The defendants filed a joint and several answer admitting that the letters patent mentioned in the bill had been issued, chanrobles.com-red

Page 153 U. S. 334

but denying that the persons to whom they had been granted were the original and first inventors of the several inventions described and claimed therein or that the defendants had infringed or were infringing the rights of the complainant in the said inventions.

The answer further averred that the defendant Hiram H. Scoville had, prior to the filing of the application by Charles M. Brown for a patent for the improvements described and claimed in said patent No. 201,646, dated March 26, 1878, by and with the consent of the said Brown, made and put into use two machines containing the inventions secured by said patent No. 201,646, and that the defendants had a right to make and sell machines containing said inventions by virtue of an oral license given by Brown to Scoville before the application for said patent was filed.

The answer further alleged that P. W. Gates was not the original and first inventor of the improvements described in the several patents Nos. 243,343, 243,545, 246,608, 250,656, but that substantially those improvements were invented by said Charles M. Brown before the supposed invention thereof by Gates, and were embodied and exemplified in certain full-sized working machines built by the said Hiram H. Scoville, which were publicly used more than two years before Gates made application for any one of the said four patents.

The answer further stated that Henry Pearce was not the original and first inventor of the improvement patented by said patent No. 56,793, dated July 31, 1866, and that substantially the same thing was shown and described in letters patent No. 28,031, issued to one G. H. Wood, dated April 24, 1860.
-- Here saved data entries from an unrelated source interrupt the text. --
(* Let $s\in(1,2]$ and let $\alpha$ be a cardinal number with $\alpha\geq\aleph_0$. Then none of the sets $H_s[0,1]=\{f\in C[0,1]:\dim_H G_f([0,1])=s\}$, $\overline{B}_s[0,1]=\{f\in C[0,1]:\overline{\dim}_B G_f([0,1])=s\}$, $\underline{B}_s[0,1]=\{f\in C[0,1]:\underline{\dim}_B G_f([0,1])=s\}$ and $B_s[0,1]=\{f\in C[0,1]:\dim_B G_f([0,1])=s\}$ is $(\alpha,\beta)$-spaceable, for any cardinal number $\beta$.
   Context: $C[0,1]$ is the real Banach space of real-valued continuous functions on $[0,1]$ with the maximum norm. $G_f(X)=\{(x,f(x)):x\in X\}$. $\dim_H$, $\overline{\dim}_B$, $\underline{\dim}_B$, $\dim_B$ denote Hausdorff, upper box, lower box and box dimension ($\dim_B$ being defined when lower and upper box dimensions coincide). For cardinals $\alpha<\beta$, a subset $A$ of a topological vector space is $\alpha$-lineable if there is an $\alpha$-dimensional subspace $M\subseteq A\cup\{0\}$, and $(\alpha,\beta)$-spaceable if it is $\alpha$-lineable and every $\alpha$-dimensional subspace $W_\alpha\subseteq A\cup\{0\}$ is contained in a closed $\beta$-dimensional subspace $W_\beta\subseteq A\cup\{0\}$. *)

From HB Require Import structures.
From mathcomp Require Import all_boot all_order all_algebra.
From mathcomp Require Import all_classical all_reals all_analysis.
Set Implicit Arguments. Unset Strict Implicit. Unset Printing Implicit Defensive.
Import Order.TTheory GRing.Theory Num.Theory.
Import numFieldNormedType.Exports.
Local Open Scope classical_set_scope.
Local Open Scope ring_scope.

Section Defs.
Variable R : realType.

Definition dist2 (p q : R * R) : R :=
  Num.sqrt ((p.1 - q.1) ^+ 2 + (p.2 - q.2) ^+ 2).

Definition diam (U : set (R * R)) : \bar R :=
  if pselect (U = set0) then 0%E
  else ereal_sup [set (dist2 pq.1 pq.2)%:E | pq in U `*` U].

Definition diam_pow (U : set (R * R)) (s : R) : \bar R :=
  if pselect (U = set0) then 0%E
  else match diam U with
       | r%:E => (r `^ s)%:E
       | +oo%E => +oo%E
       | -oo%E => 0%E
       end.
(* Let $n\ge 3$ and let $\mathbb{F}$ be a field of characteristic $0$ or of odd prime characteristic $p$. In the group algebra $\mathbb{F}D_{2n}$: (i) the set $\{a^i-a^{-i},\ (a^i-a^{-i})b \mid i=1,2,\dots,\lfloor\frac{n-1}{2}\rfloor\}$ is an $\mathbb{F}$-basis of $\bar{C}(b)$; (ii) the set $\{a^i-a^{-i},\ a(a^i-a^{-i})b \mid i=1,2,\dots,\lfloor\frac{n-1}{2}\rfloor\}$ is an $\mathbb{F}$-basis of $\bar{C}(ab)$.
   Context: $D_{2n}=\langle a,b\mid a^n=1,\ b^2=1,\ (ab)^2=1\rangle$ is the dihedral group of order $2n$, whose elements are $a^ib^j$ with $0\le i\le n-1$, $0\le j\le 1$. $\mathbb{F}D_{2n}$ is its group algebra over $\mathbb{F}$. For $\beta\in\mathbb{F}D_{2n}$, the anti-centralizer of $\beta$ is $\bar{C}(\beta)=\{\alpha\in\mathbb{F}D_{2n}\mid \alpha\beta=-\beta\alpha\}$, an $\mathbb{F}$-subspace. $\lfloor x\rfloor$ denotes the floor of $x$. *)

From HB Require Import structures.
From mathcomp Require Import all_boot all_algebra.
Set Implicit Arguments. Unset Strict Implicit. Unset Printing Implicit Defensive.
Import GRing.Theory.
Local Open Scope ring_scope.

(* The dihedral group D_{2n} = <a, b | a^n = b^2 = (ab)^2 = 1>, realized
   concretely: the element a^i b^j (i in Z/nZ, j in {0,1}) is the pair
   (i, j) : 'Z_n * bool.  'Z_n is Z/nZ for n >= 2 (we always assume n >= 3).
   Since b a b = a^{-1}, (a^i b^j)(a^k b^l) = a^(i + (-1)^j k) b^(j+l). *)
Definition dih (n : nat) := ('Z_n * bool)%type.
Subsequently, the defendants, with leave of court, filed the following amendment to the answer, to-wit:

"Letters patent to J. F. Ostrander, granted and dated April 25, 1846, No. 4,478, 'grain mill.'"
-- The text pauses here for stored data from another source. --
(* Let $0<\Gamma_0\le1$ and let $\tau\subset\mathbb R^m$ be a $\Gamma_0$-flake. Then for every vertex $p\in\tau$, $$D(p,\tau)<\frac{2L(\tau)^2\,\Gamma_0}{\ell(\tau)}.$$
   Context: A simplex is a nonempty finite subset $\sigma\subset\mathbb R^m$ (vertices need not be affinely independent); $\dim\sigma=|\sigma|-1$; faces are nonempty subsets. For $p\in\sigma$, $\sigma_p=\sigma\setminus\{p\}$. $L(\sigma)$ and $\ell(\sigma)$ are the largest and smallest distances between distinct vertices (both $0$ for a $0$-simplex). The altitude of $p$ in $\sigma$ is $D(p,\sigma)=d(p,\mathrm{aff}(\sigma_p))$. The thickness of a $j$-simplex is $\Upsilon(\sigma)=1$ if $j=0$ and $\min_{p\in\sigma}D(p,\sigma)/(jL(\sigma))$ otherwise. $\sigma$ is $\Gamma_0$-good if every $j$-dimensional face $\sigma^j\subseteq\sigma$ ($0\le j\le\dim\sigma$) satisfies $\Upsilon(\sigma^j)\ge\Gamma_0^j$; it is $\Gamma_0$-bad otherwise. A $\Gamma_0$-flake is a $\Gamma_0$-bad simplex all of whose proper faces are $\Gamma_0$-good. *)

From Stdlib Require Import Reals Lra List ClassicalEpsilon.
Import ListNotations.
Open Scope R_scope.

(* A point of R^m is a list of m reals; coordinate k is [nth k v 0]. *)
Definition point := list R.

Definition pt_eq_dec : forall x y : point, {x = y} + {x <> y} :=
  list_eq_dec Req_EM_T.

Definition rsum (n : nat) (f : nat -> R) : R :=
  fold_right Rplus 0 (map f (seq 0 n)).

Definition dist (m : nat) (x y : point) : R :=
  sqrt (rsum m (fun k => (nth k x 0 - nth k y 0) ^ 2)).

Definition Rinf (E : R -> Prop) : R :=
  epsilon (inhabits 0)
    (fun r => (forall x, E x -> r <= x) /\
              (forall b, (forall x, E x -> b <= x) -> b <= r)).

Definition aff (m : nat) (S : list point) (q : point) : Prop :=
  length q = m /\
  exists c : nat -> R, rsum (length S) c = 1 /\
    forall k, (k < m)%nat ->
      nth k q 0 = rsum (length S) (fun i => c i * nth k (nth i S nil) 0).

Definition dist_set (m : nat) (p : point) (E : point -> Prop) : R :=
  Rinf (fun d => exists q, E q /\ d = dist m p q).

(* A simplex: a nonempty finite set of points of R^m (a duplicate-free list). *)
Definition simplex (m : nat) (s : list point) : Prop :=
  s <> nil /\ NoDup s /\ Forall (fun v => length v = m) s.

Definition face (t s : list point) : Prop :=
  t <> nil /\ NoDup t /\ incl t s.

Definition drop_vertex (p : point) (s : list point) : list point :=
  remove pt_eq_dec p s.

Definition altitude (m : nat) (p : point) (s : list point) : R :=
  dist_set m p (aff m (drop_vertex p s)).

Definition pair_dists (m : nat) (s : list point) : list R :=
  map (fun pq => dist m (fst pq) (snd pq))
      (filter (fun pq => if pt_eq_dec (fst pq) (snd pq) then false else true)
              (list_prod s s)).

Definition Rmaxl (l : list R) : R :=
  match l with nil => 0 | x :: t => fold_right Rmax x t end.
Definition Rminl (l : list R) : R :=
  match l with nil => 0 | x :: t => fold_right Rmin x t end.

(* L(sigma), l(sigma): largest / smallest distance between distinct vertices
   (both 0 for a 0-simplex) *)
Definition Lmax (m : nat) (s : list point) : R := Rmaxl (pair_dists m s).
Definition lmin (m : nat) (s : list point) : R := Rminl (pair_dists m s).

Definition sdim (s : list point) : nat := (length s - 1)%nat.

Definition thickness (m : nat) (s : list point) : R :=
  if Nat.eqb (sdim s) 0 then 1
  else Rminl (map (fun p => altitude m p s) s) / (INR (sdim s) * Lmax m s).

Definition good (m : nat) (G0 : R) (s : list point) : Prop :=
  forall t, face t s -> thickness m t >= G0 ^ (sdim t).

Definition bad (m : nat) (G0 : R) (s : list point) : Prop := ~ good m G0 s.

Definition flake (m : nat) (G0 : R) (s : list point) : Prop :=
  bad m G0 s /\
  forall t, face t s -> (length t < length s)%nat -> good m G0 t.

(* Since its proper faces are Γ0-good, the Γ0-bad face is τ itself; vertices and edges
   have thickness 1, so n = dim τ >= 2 and some vertex q has D(q,τ) < n Γ0^n L.
   For any other vertex p we use the exchange inequality
       D(p,τ) D(q,τ_p) <= D(q,τ) D(p,τ_q),
   proved by projecting p and q orthogonally onto the affine hull of τ \ {p,q}: with
   residuals p', q' (so |p'| = D(p,τ_q), |q'| = D(q,τ_p)) and Gram determinant
   G = |p'|^2 |q'|^2 - <p',q'>^2 one has D(p,τ)^2 |q'|^2 <= G <= D(q,τ)^2 |p'|^2.
   The facet τ_p is good, so D(q,τ_p) >= Γ0^(n-1) (n-1) ℓ, and D(p,τ_q) <= L, whence
   D(p,τ) < n/(n-1) Γ0 L^2/ℓ <= 2 Γ0 L^2/ℓ.  At p = q the bound follows from D <= L when
   Γ0 > 1/2 and from n Γ0^(n-1) <= (2 Γ0)^(n-1) <= 1 otherwise. *)

From Stdlib Require Import Reals List Lra Lia ClassicalEpsilon Classical.
Import ListNotations.
Open Scope R_scope.

Lemma rsum_S n f : rsum (S n) f = rsum n f + f n.
Proof.
  unfold rsum. rewrite seq_S, map_app, fold_right_app. simpl.
  generalize (map f (seq 0 n)). intros l. induction l as [|a l IH]; simpl; lra.
Qed.

Lemma rsum_shift n f : rsum (S n) f = f 0%nat + rsum n (fun i => f (S i)).
Proof.
  induction n as [|n IH].
  - rewrite rsum_S. unfold rsum; simpl. lra.
  - rewrite rsum_S, IH, (rsum_S n). lra.
Qed.

Lemma rsum_ext n f g : (forall k, (k < n)%nat -> f k = g k) -> rsum n f = rsum n g.
Proof.
  induction n as [|n IH]; intros H; [reflexivity|].
  rewrite !rsum_S, IH by (intros; apply H; lia). rewrite H by lia. reflexivity.
Qed.

Lemma rsum_plus n f g : rsum n (fun k => f k + g k) = rsum n f + rsum n g.
Proof. induction n; [unfold rsum; simpl; lra|rewrite !rsum_S, IHn; lra]. Qed.

Lemma rsum_scal n c f : rsum n (fun k => c * f k) = c * rsum n f.
Proof. induction n; [unfold rsum; simpl; lra|rewrite !rsum_S, IHn; lra]. Qed.

Lemma rsum_minus n f g : rsum n (fun k => f k - g k) = rsum n f - rsum n g.
Proof.
  rewrite (rsum_ext _ _ (fun k => f k + (-1) * g k)) by (intros; ring).
  rewrite rsum_plus, rsum_scal. ring.
Qed.

Lemma rsum_zero n : rsum n (fun _ => 0) = 0.
Proof. induction n; [reflexivity|rewrite rsum_S, IHn; lra]. Qed.

Lemma rsum_nonneg n f : (forall k, (k < n)%nat -> 0 <= f k) -> 0 <= rsum n f.
Proof.
  induction n as [|n IH]; intros H; [unfold rsum; simpl; lra|].
  rewrite rsum_S. assert (0 <= f n) by (apply H; lia).
  assert (0 <= rsum n f) by (apply IH; intros; apply H; lia). lra.
Qed.

Lemma rsum_zero_each n f : (forall k, (k < n)%nat -> 0 <= f k) -> rsum n f = 0 ->
  forall k, (k < n)%nat -> f k = 0.
Proof.
  induction n as [|n IH]; intros H H0 k Hk; [lia|].
  rewrite rsum_S in H0.
  assert (0 <= f n) by (apply H; lia).
  assert (0 <= rsum n f) by (apply rsum_nonneg; intros; apply H; lia).
  destruct (Nat.eq_dec k n) as [->|Hkn]; [lra|].
  apply IH; try lia; try lra. intros; apply H; lia.
Qed.

Lemma rsum_indicator n i g : (i < n)%nat ->
  rsum n (fun j => (if Nat.eq_dec j i then 1 else 0) * g j) = g i.
Proof.
  induction n as [|n IH]; intros Hi; [lia|].
  rewrite rsum_S. destruct (Nat.eq_dec n i) as [<-|Hni].
  - rewrite (rsum_ext _ _ (fun _ => 0)), rsum_zero; [lra|].
    intros k Hk. destruct (Nat.eq_dec k n); [lia|lra].
  - rewrite IH by lia. lra.
Qed.

Definition coords (v : point) : nat -> R := fun k => nth k v 0.

Definition ip (m : nat) (u v : nat -> R) : R := rsum m (fun k => u k * v k).

Lemma ip_ext m u u' v v' : (forall k, (k < m)%nat -> u k = u' k) ->
  (forall k, (k < m)%nat -> v k = v' k) -> ip m u v = ip m u' v'.
Proof. intros H1 H2. unfold ip. apply rsum_ext. intros. rewrite H1, H2 by auto. auto. Qed.

Lemma ip_sym m u v : ip m u v = ip m v u.
Proof. unfold ip. apply rsum_ext; intros; ring. Qed.

Lemma ip_nonneg m u : 0 <= ip m u u.
Proof. unfold ip. apply rsum_nonneg. intros. nra. Qed.

Lemma ip_zero_r m u d : (forall k, (k < m)%nat -> d k = 0) -> ip m u d = 0.
Proof.
  intros H. unfold ip.
  rewrite (rsum_ext _ _ (fun _ => 0)) by (intros k Hk; rewrite H by auto; ring).
  apply rsum_zero.
Qed.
"And as to the patent mentioned in said bill of complaint as having been granted and issued to J. H. Rusk, Charles M. Brown, G. and A. Raymond, and the four patents to P. W. Gates, numbered, respectively, 243,343, 243,545, 246,608, and 250,656, they further aver upon information and belief that

Page 153 U. S. 335

the said Brown, Raymond, Rusk, and Gates were not the original and first inventors of the things patented by or to them, respectively, and that substantially the same things were patented by, or shown and described in, the following letters patent, to-wit:"

"As to patent to H. Pearce, No. 56,793."

"Letters patent to J. F. Ostrander, granted and dated April 25, 1846, No. 4,478, for improvement in grain mill."

"Letters patent to G. H. Wood, granted and dated April 24, 1860, No. 28,031."

"As to patent to J. H. Rusk, No. 110,397."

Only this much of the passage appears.